# [Task brief]
Copy out exactly the stretch of the listing below that begins at the line containing "- every admissible" and ends at the line containing "- a chain of", and copy nothing outside it.

# [Provided records]
Theorem proposition10 (s r : nat) (F : finFieldType)
  (hs : (0 < s)%N) (hr : (0 < r)%N) (hF : #|F| = (2 ^ r)%N)
  (a : F) (ha : a != 0) :
  let n := (2 ^ s)%N in
  let q := (2 ^ r)%N in
  let N := (q ^ 'C(n, 2) * \prod_(2 <= j < n.+1) (q ^ j - 1))%N in
  (weight_ca r n a)%:R =
    2^-1 * (N%:R - (q ^ 'C(n, 2))%:R * Kloost r n.-1 a) :> rat.
Proof.
move=> n q N.
have [m n_eq] : exists m, n = m.+1 by exists n.-1; rewrite prednK ?expn_gt0.
rewrite weight_caE (sum_SL_addchar_scale (lam r)) // [in a ^+ n]/n.
by rewrite n_eq trsum_lam // Kloost_expn2 // card_SL /N /q -hF n_eq.
Qed.
(* Let $g\in\mathbb{Z}^+$, let $\mathcal{H}$ be a hierarchical generator with lineage $\mathcal{L}$ and $\mathrm{gap}(\mathcal{H})\le g$, and let $\varphi\in\mathcal{H}$. Then the family $\mathfrak{R}_g(\mathcal{H},\varphi)$ of all hierarchical generators $\mathcal{H}_*$ whose lineage $\mathcal{L}_*$ satisfies $\mathcal{L}\cup\{\varphi\}\subset\mathcal{L}_*$ and $\mathrm{gap}(\mathcal{H}_* )\le g$ has a least element $\bar{\mathcal{H}}$, i.e. its lineage $\bar{\mathcal{L}}$ is contained in the lineage of every member of the family. Moreover, for every $\psi\in(\bar{\mathcal{L}}\setminus\mathcal{L})\setminus\{\varphi\}$ there is an integer $k$ with $1\le k\le\lfloor\ell_\varphi/g\rfloor$ and $\psi\in\mathcal{O}^k(\varphi,-g,\mathfrak{B})$.
   Context: Fix integers $d\ge1$, $n\ge2$, $m\ge2$; $s=n-1$, $p=m-1$. B-splines $\varphi^\ell_{\vec i}(\vec x)=\prod_kQ(n^\ell x_k-i_k)$ for $\ell\ge0$, $\vec i\in\mathbb{Z}^d$, $Q$ the uniform B-spline of order $m$ with knots $0,\dots,m$; $\mathfrak{B}$ the set of all of them, $\ell_\varphi$ the level; $\mathcal{B}^0=\{\varphi^0_{\vec i}:\vec i\in[-p:0]^d\}$. Children $\mathrm{ch}(\varphi^\ell_{\vec i})=\{\varphi^{\ell+1}_{\vec k}:n\vec i\le\vec k\le n\vec i+sm\}$, extended to sets by union. Cells $I^\ell_{\vec i}=\prod_k[i_kn^{-\ell},(i_k+1)n^{-\ell})$, cell children $\mathrm{ch}(I^\ell_{\vec i})=\{I^{\ell+1}_{\vec k}:n\vec i\le\vec k\le n\vec i+s\}$, $\mathrm{ch}^k$ iterated, $\mathrm{ch}^{-k}(I)=\{J:I\in\mathrm{ch}^k(J)\}$. $\mathbb{I}(\varphi^\ell_{\vec i})=\{I^\ell_{\vec k}:\vec i\le\vec k\le\vec i+p\}$, $\mathbb{I}^k(\varphi)=\mathrm{ch}^k(\mathbb{I}(\varphi))$ ($k\in\mathbb{Z}$), $\mathbb{B}^k(I)=\{\varphi\in\mathfrak{B}:I\in\mathbb{I}^{-k}(\varphi)\}$, extended to sets by union. $\mathcal{O}(\mathcal{F},j,\mathcal{H})=\mathbb{B}^j(\mathbb{I}(\mathcal{F}))\cap\mathcal{H}$, $\mathcal{O}(\varphi,j,\mathcal{H})=\mathcal{O}(\{\varphi\},j,\mathcal{H})$, $\mathcal{O}^{k+1}(\mathcal{F},j,\mathcal{H})=\mathcal{O}(\mathcal{O}^k(\mathcal{F},j,\mathcal{H}),j,\mathcal{H})$, $\mathcal{O}^1=\mathcal{O}$. A lineage is a finite $\mathcal{L}\subset\mathfrak{B}$ with $\mathcal{L}\subset\mathcal{B}^0\cup\mathrm{ch}(\mathcal{L})$; its hierarchical generator is $(\mathcal{B}^0\cup\mathrm{ch}(\mathcal{L}))\setminus\mathcal{L}$ (the lineage is determined by the generator). $\mathrm{gap}_{\mathcal{H}}(\varphi)=\sup\{g\in\mathbb{Z}:\mathcal{O}(\varphi,-g,\mathcal{H})\neq\emptyset\}$ for $\varphi\in\mathcal{H}$, and $\mathrm{gap}(\mathcal{H})=\max_{\varphi\in\mathcal{H}}\mathrm{gap}_{\mathcal{H}}(\varphi)$. *)

From Stdlib Require Import ZArith List.
Import ListNotations.
Open Scope Z_scope.

(* A B-spline phi^l_i is represented by (l, i) with i : list Z of length d;
   a cell I^l_i likewise.  The map (l,i) |-> phi^l_i is injective. *)
Definition bs := (nat * list Z)%type.
Definition cell := (nat * list Z)%type.
Definition bset := bs -> Prop.
Definition cset := cell -> Prop.

Section Defs.
Variables (d n m : nat).
Let nZ := Z.of_nat n.
Let mZ := Z.of_nat m.
Let s := nZ - 1.
Let p := mZ - 1.

Definition lvl (phi : bs) : nat := fst phi.

Definition allB : bset := fun phi => length (snd phi) = d.

Definition B0 : bset := fun phi =>
  fst phi = 0%nat /\ length (snd phi) = d /\ Forall (fun i => -p <= i <= 0) (snd phi).

Definition bs_child (phi psi : bs) : Prop :=
  fst psi = S (fst phi) /\
  Forall2 (fun i k => nZ * i <= k <= nZ * i + s * mZ) (snd phi) (snd psi).

Definition ch (L : bset) : bset := fun psi => exists phi, L phi /\ bs_child phi psi.

Definition cell_child (I J : cell) : Prop :=
  fst J = S (fst I) /\
  Forall2 (fun i k => nZ * i <= k <= nZ * i + s) (snd I) (snd J).

Definition chc (S0 : cset) : cset := fun J => exists I, S0 I /\ cell_child I J.

Fixpoint chc_n (k : nat) (S0 : cset) : cset :=
  match k with O => S0 | S k' => chc (chc_n k' S0) end.

Definition chc_z (k : Z) (S0 : cset) : cset :=
  if (0 <=? k) then chc_n (Z.to_nat k) S0
  else fun J => exists I, S0 I /\ chc_n (Z.to_nat (- k)) (eq J) I.

Definition II (phi : bs) : cset := fun I =>
  fst I = fst phi /\ Forall2 (fun i k => i <= k <= i + p) (snd phi) (snd I).

Definition IIset (F : bset) : cset := fun I => exists phi, F phi /\ II phi I.

Definition IIk (k : Z) (phi : bs) : cset := chc_z k (II phi).

Definition BBk (k : Z) (C : cset) : bset := fun phi =>
  allB phi /\ exists I, C I /\ IIk (- k) phi I.

Definition Oset (F : bset) (j : Z) (H : bset) : bset := fun psi =>
  BBk j (IIset F) psi /\ H psi.

Fixpoint Oiter (k : nat) (F : bset) (j : Z) (H : bset) : bset :=
  match k with
  | O => F
  | S O => Oset F j H
  | S k' => Oset (Oiter k' F j H) j H
  end.

Definition finite_set (L : bset) : Prop := exists l : list bs, forall x, L x -> In x l.

Definition subset (A B : bset) : Prop := forall x, A x -> B x.

Definition lineage (L : bset) : Prop :=
  finite_set L /\ subset L allB /\ subset L (fun x => B0 x \/ ch L x).

Definition gen (L : bset) : bset := fun x => (B0 x \/ ch L x) /\ ~ L x.

(* gap(H) <= g, i.e. max over phi in H of sup{g' : O(phi,-g',H) <> empty} <= g *)
Definition gap_le (H : bset) (g : Z) : Prop :=
  forall phi, H phi -> forall g' : Z,
    (exists psi, Oset (eq phi) (- g') H psi) -> g' <= g.

End Defs.

(* Write [overlaps a b k] when some cell of II(a) is a k-th generation cell
   descendant of a cell of II(b); then O(a, -k, H) contains b exactly when
   b is in H and [overlaps a b k], so gap(H) <= g means that no two members of
   H overlap at a depth exceeding g.

   Starting from phi, call a chain a sequence phi = x_0, x_1, ..., x_j of
   elements of the generator H of L in which each x_{i+1} is overlapped by x_i
   at depth exactly g.  The least lineage is Lbar = L u {chain elements}:
   - Lbar is a lineage because chain elements lie in H, hence in B^0 u ch(L);
   - gap(gen Lbar) <= g follows from the gap bound of H, since overlaps are
     transported from a B-spline to its parent (one level shallower) and to
     its child (one level deeper), and an overlap at depth exactly g of a
     child of a chain element would extend the chain;
   - every admissible lineage Ls contains each chain element x_{i+1}: if not,
     descending from x_i through children inside Ls reaches an element of
     gen Ls overlapping x_{i+1} at depth > g, contradicting gap(gen Ls) <= g;
   - a chain of length k >= 1 is a witness of O^k(phi, -g, B), and the levels
     drop by g along the chain, so k <= l_phi / g. *)
From Stdlib Require Import ZArith List Lia Classical.
Import ListNotations.
Open Scope Z_scope.

Lemma Forall2_left_unique {A B} (R : A -> B -> Prop) :
  (forall a a' b, R a b -> R a' b -> a = a') ->
  forall l1 l2 l, Forall2 R l1 l -> Forall2 R l2 l -> l1 = l2.
Proof.
  intros HR l1 l2 l H; revert l2.
  induction H; intros l2 H2; inversion H2; subst; f_equal; eauto.
Qed.

Lemma Forall2_map_l {A B C} (R : A -> C -> Prop) (R' : B -> C -> Prop) (f : A -> B) :
  (forall a c, R a c -> R' (f a) c) ->
  forall la lc, Forall2 R la lc -> Forall2 R' (map f la) lc.
Proof. intros Hf la lc H; induction H; simpl; auto. Qed.

Lemma Forall2_repeat_l {A B} (R : A -> B -> Prop) (a : A) (l : list B) :
  Forall (R a) l -> Forall2 R (repeat a (length l)) l.
Proof. intros H; induction H; simpl; auto. Qed.

Lemma Forall2_factor {A B C X} (R : A -> B -> Prop) (Q : B -> C -> Prop)
  (T : A -> X -> Prop) (U : X -> C -> Prop) :
  (forall a b c, R a b -> Q b c -> exists x, T a x /\ U x c) ->
  forall l1 l2 l3, Forall2 R l1 l2 -> Forall2 Q l2 l3 ->
  exists lx, Forall2 T l1 lx /\ Forall2 U lx l3.
Proof.
  intros HRS l1 l2 l3 H; revert l3.
  induction H as [|a b l1 l2 Hab _ IH]; intros l3 H3;
    inversion H3 as [|b' c l2' l3' Hbc H3']; subst.
  - exists []; auto.
  - destruct (HRS _ _ _ Hab Hbc) as [x [Hax Hxc]].
    destruct (IH _ H3') as [lx [Hl1 Hl2]].
    exists (x :: lx); auto.
Qed.

(* A child of the B-spline
   with index s starts at some c in [N s, N s + (N-1) M]; its support cells
   are [c, c + M - 1]; the children of cell q are [N q, N q + N - 1]. *)

Lemma child_support_cell_coord (N M s c K : Z) : 2 <= N -> 2 <= M ->
  N * s <= c <= N * s + (N - 1) * M -> c <= K <= c + (M - 1) ->
  exists q, s <= q <= s + (M - 1) /\ N * q <= K <= N * q + (N - 1).
Proof.
  intros HN HM Hc HK. exists (K / N).
  pose proof (Z.div_mod K N ltac:(lia)).
  pose proof (Z.mod_pos_bound K N ltac:(lia)).
  nia.
Qed.

Lemma support_child_cell_coord (N M s q K : Z) : 2 <= N -> 2 <= M ->
  s <= q <= s + (M - 1) -> N * q <= K <= N * q + (N - 1) ->
  exists c, N * s <= c <= N * s + (N - 1) * M /\ c <= K <= c + (M - 1).
Proof.
  intros HN HM Hq HK.
  destruct (Z_le_gt_dec (K - N * s) ((N - 1) * M)).
  - exists K. nia.
  - exists (N * s + (N - 1) * M). nia.
Qed.

Lemma cell_parent_coord_unique (N q q' K : Z) : 2 <= N ->
  N * q <= K <= N * q + (N - 1) -> N * q' <= K <= N * q' + (N - 1) -> q = q'.
Proof. intros. nia. Qed.

Lemma chc_n_mono n k (S1 S2 : cset) : (forall x, S1 x -> S2 x) ->
  forall x, chc_n n k S1 x -> chc_n n k S2 x.
Proof.
  intros H; induction k as [|k IH]; simpl; intros x Hx; auto.
  destruct Hx as [I [HI Hc]]; exists I; auto.
Qed.
(* Let $Z_\infty=(X_\infty,Y_\infty)$ be the planar piecewise smooth vector field with $X_\infty(x,y)=(1,2\sin(2\pi x))$ for $y\ge0$ and $Y_\infty(x,y)=(-1,2\sin(2\pi x))$ for $y\le0$, let $P_\infty(x)=\frac{1-\cos(2\pi x)}{\pi}$, and let $\Lambda_\infty=\{(x,P_\infty(x)):x\in\mathbb{R}\}\cup\{(x,-P_\infty(x)):x\in\mathbb{R}\}$. Then $\Lambda_\infty$ is invariant under $Z_\infty$, and the time-one map $\overline{T_1}$ of $Z_\infty$ restricted to $\Lambda_\infty$ (on $(\overline{\Omega}_\infty,\rho_\infty)$ defined below) is topologically conjugate to a subshift over the infinite alphabet $\mathbb{Z}$ inside $\Theta_\infty$: there exist a subshift $K\subset\Theta_\infty$ and a homeomorphism $h:\overline{\Omega}_\infty\to K$ with $h\circ\overline{T_1}=\sigma|_K\circ h$.
   Context: Switching manifold $\Sigma=\{(x,y):y=0\}=f^{-1}(0)$, $f(x,y)=y$, $\Sigma^\pm=\{\pm y\ge0\}$. A planar PSVF $Z=(X,Y)$ equals the smooth field $X$ on $\Sigma^+$ and $Y$ on $\Sigma^-$. With $Wf=\langle\nabla f,W\rangle$, $W^2f=\langle\nabla(Wf),W\rangle$: crossing region $\Sigma^c=\{Xf\cdot Yf>0\}$ ($\Sigma^{c+}$: both $>0$, $\Sigma^{c-}$: both $<0$), sliding $\Sigma^s=\{Xf<0<Yf\}$, escaping $\Sigma^e=\{Yf<0<Xf\}$. $p\in\Sigma$ with $Xf(p)=0$ is a tangential singularity of $X$; a fold if $X^2f(p)\ne0$, visible if $X^2f(p)>0$, invisible if $<0$; for $Y$ a fold is visible if $Y^2f(p)<0$ (orbit locally in $\Sigma^-$), invisible otherwise. Singular tangency: invisible for both fields; regular otherwise. Sliding field on $\overline{\Sigma^s\cup\Sigma^e}$: $Z^T=(Yf\,X-Xf\,Y)/(Yf-Xf)$. Local trajectories (Filippov convention): off $\Sigma$ follow $X$ or $Y$; through $\Sigma^{c+}$ follow $Y$ for $t\le0$ and $X$ for $t\ge0$ (reversed for $\Sigma^{c-}$); through $\Sigma^e$ follow $Z^T$ for $t\le0$ and one of $X,Y,Z^T$ for $t\ge0$ (reversed for $\Sigma^s$); through a regular tangency one of the flows of $X,Y,Z^T$ for $t\le0$ and one for $t\ge0$; singular tangencies are stationary. A global trajectory is a map $\gamma:\mathbb{R}\to\mathbb{R}^2$ concatenating orientation-preserving local trajectories $\sigma_i$ on $[t_i,t_{i+1}]$, $i\in\mathbb{Z}$, with $\sigma_i(t_{i+1})=\sigma_{i+1}(t_{i+1})$, $t_i\to\pm\infty$. A set $\Lambda$ is invariant if every global trajectory starting in $\Lambda$ at time $0$ stays in $\Lambda$. Construction: $p_j=j$, $j\in\mathbb{Z}$. $\Omega_\infty$ is the set of global trajectories $\gamma$ of $Z_\infty$ with $\gamma(0)\in\Lambda_\infty$; $T_1(\gamma)(t)=\gamma(t+1)$. Arcs: $I_{2j}=\{(x,P_\infty(x)):j<x<j+1\}$, $I_{2j+1}=\{(x,-P_\infty(x)):j<x<j+1\}$, $j\in\mathbb{Z}$. Itinerary $s(\gamma)\in\mathbb{Z}^{\mathbb{Z}}$: $s(\gamma)_j=n$ if $\gamma(j)\in I_n$, and $s(\gamma)_j=m$ if $\gamma(j)=(p_l,0)$ for some $l$ and $\gamma(j+\frac12)\in I_m$. $\gamma_1\sim\gamma_2$ iff $s(\gamma_1)=s(\gamma_2)$; $\overline{\Omega}_\infty=\Omega_\infty/\sim$. Each class has a representative $\gamma^*$ with $\gamma^*(0)\in\{(p_l,0):l\in\mathbb{Z}\}$; $\rho_\infty(\overline\gamma_1,\overline\gamma_2)=\sum_{i\in\mathbb{Z}}2^{-|i|}d_H(\gamma_1^*([i,i+1]),\gamma_2^*([i,i+1]))$, $d_H$ the Hausdorff distance. $\overline{T_1}(\overline\gamma)=\overline{T_1(\gamma)}$. $\Theta_\infty=\{(x_j)_{j\in\mathbb{Z}}: x_j\in\mathbb{Z},\ |x_{j+1}-x_j|\le2\ \forall j\}$ with metric $d(x,y)=\sum_{j\in\mathbb{Z}}|x_j-y_j|/2^{|j|}$ and shift $\sigma((a_j)_j)=(a_{j+1})_j$. A subshift is a closed $\sigma$-invariant subset. *)

From Stdlib Require Import Reals ZArith ClassicalEpsilon.
From Coquelicot Require Import Coquelicot.
Open Scope R_scope.
Lemma sum_conv_classes_le n :
  n <> leaves T -> sum_f_R0 (fun k => INR (H k) * INR (H (n - k))) n <= 2 * INR (H n).
Proof.
  intro HnT; rewrite <- INR_length_rep_pairs.
  destruct (half_sublist_pairwise_unrelated (fun p q => tiso (graft p) (graft q))
              (rep_pairs n) (NoDup_rep_pairs n)) as [l [Hincl [Hpair Hlen]]].
  { intros p q r Hp Hq Hr Hpq Hpr.
    destruct (graft_rep_pairs_tiso n p q Hp Hq Hpq) as [->| ->],
             (graft_rep_pairs_tiso n p r Hp Hr Hpr) as [->| ->]; auto. }
  assert (Hl : (length (map graft l) <= H n)%nat).
  { apply (num_classes_length_le _ n _ _ (classes_H n)).
    - exact (ForallOrdPairs_map _ graft l Hpair).
    - intros t Ht; apply in_map_iff in Ht; destruct Ht as [p [<- Hp]].
      exact (graft_rep_pairs_avoids n p HnT (Hincl p Hp)). }
  rewrite length_map in Hl.
  apply le_INR in Hlen, Hl; rewrite mult_INR in Hlen; simpl in Hlen; lra.
Qed.

End GraftCount.

Lemma sum_f_R0_le_except (u v : nat -> R) (m N : nat) :
  (forall n, n <> m -> u n <= v n) -> (forall n, 0 <= v n) -> 0 <= u m ->
  sum_f_R0 u N <= sum_f_R0 v N + u m.
Proof.
  intros Huv Hv Hum.
  enough (sum_f_R0 u N <= sum_f_R0 v N + (if Nat.leb m N then u m else 0))
    by (destruct (Nat.leb m N); lra).
  induction N as [|N IH]; simpl.
  - destruct m as [|m]; simpl; [pose proof (Hv 0%nat); lra|].
    specialize (Huv 0%nat ltac:(lia)); lra.
  - destruct (Nat.eq_dec (S N) m) as [<-|Hne].
    + rewrite Nat.leb_refl.
      replace (Nat.leb (S N) N) with false in IH by (symmetry; apply Nat.leb_gt; lia).
      pose proof (Hv (S N)); lra.
    + replace (Nat.leb m (S N)) with (Nat.leb m N)
        by (destruct (Nat.leb_spec m N), (Nat.leb_spec m (S N)); auto; lia).
      specialize (Huv (S N) Hne); lra.
Qed.
Lemma csmul_le_compat_l l a b : 0 <= l -> a ≤ b -> l • a ≤ l • b.
Proof. intros Hl [z <-]. exists (l • z). now rewrite csmul_add_distr_l. Qed.

Lemma csmul_le_compat_r l m v : 0 <= l <= m -> l • v ≤ m • v.
Proof.
  intro H. exists ((m - l) • v).
  rewrite <- csmul_add_distr_r by lra. f_equal. lra.
Qed.

Lemma cinf_spec A : is_inf o A (cinf o A).
Proof. unfold cinf. apply epsilon_spec, HJ. Qed.

Lemma csup_spec A : is_sup o A (csup o A).
Proof.
  unfold csup. apply epsilon_spec.
  destruct (cinf_spec (is_ub o A)) as [Hlb Hglb].
  exists (cinf o (is_ub o A)). split.
  - intros a Ha. apply Hglb. intros u Hu. now apply Hu.
  - intros u Hu. now apply Hlb.
Qed.

Lemma add_inf_glb A i v u :
  is_inf o A i -> (forall a, A a -> u ≤ v + a) -> u ≤ v + i.
Proof.
  intros Hi H. apply (proj2 (proj2 (proj2 HJ) v A i Hi)).
  intros _ [a [Ha ->]]. auto.
Qed.

Lemma cmeet_le_l x y : x ⊓ y ≤ x.
Proof. apply cinf_spec. auto. Qed.

Lemma cmeet_le_r x y : x ⊓ y ≤ y.
Proof. apply cinf_spec. auto. Qed.

Lemma cmeet_glb x y u : u ≤ x -> u ≤ y -> u ≤ x ⊓ y.
Proof. intros. apply cinf_spec. now intros a [-> | ->]. Qed.

Lemma cjoin_ge_l x y : x ≤ x ⊔ y.
Proof. apply csup_spec. auto. Qed.

Lemma cjoin_ge_r x y : y ≤ x ⊔ y.
Proof. apply csup_spec. auto. Qed.

Lemma cjoin_lub x y u : x ≤ u -> y ≤ u -> x ⊔ y ≤ u.
Proof. intros. apply csup_spec. now intros a [-> | ->]. Qed.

# [Task response]
   - every admissible lineage Ls contains each chain element x_{i+1}: if not,
     descending from x_i through children inside Ls reaches an element of
     gen Ls overlapping x_{i+1} at depth > g, contradicting gap(gen Ls) <= g;
   - a chain of length k >= 1 is a witness of O^k(phi, -g, B), and the levels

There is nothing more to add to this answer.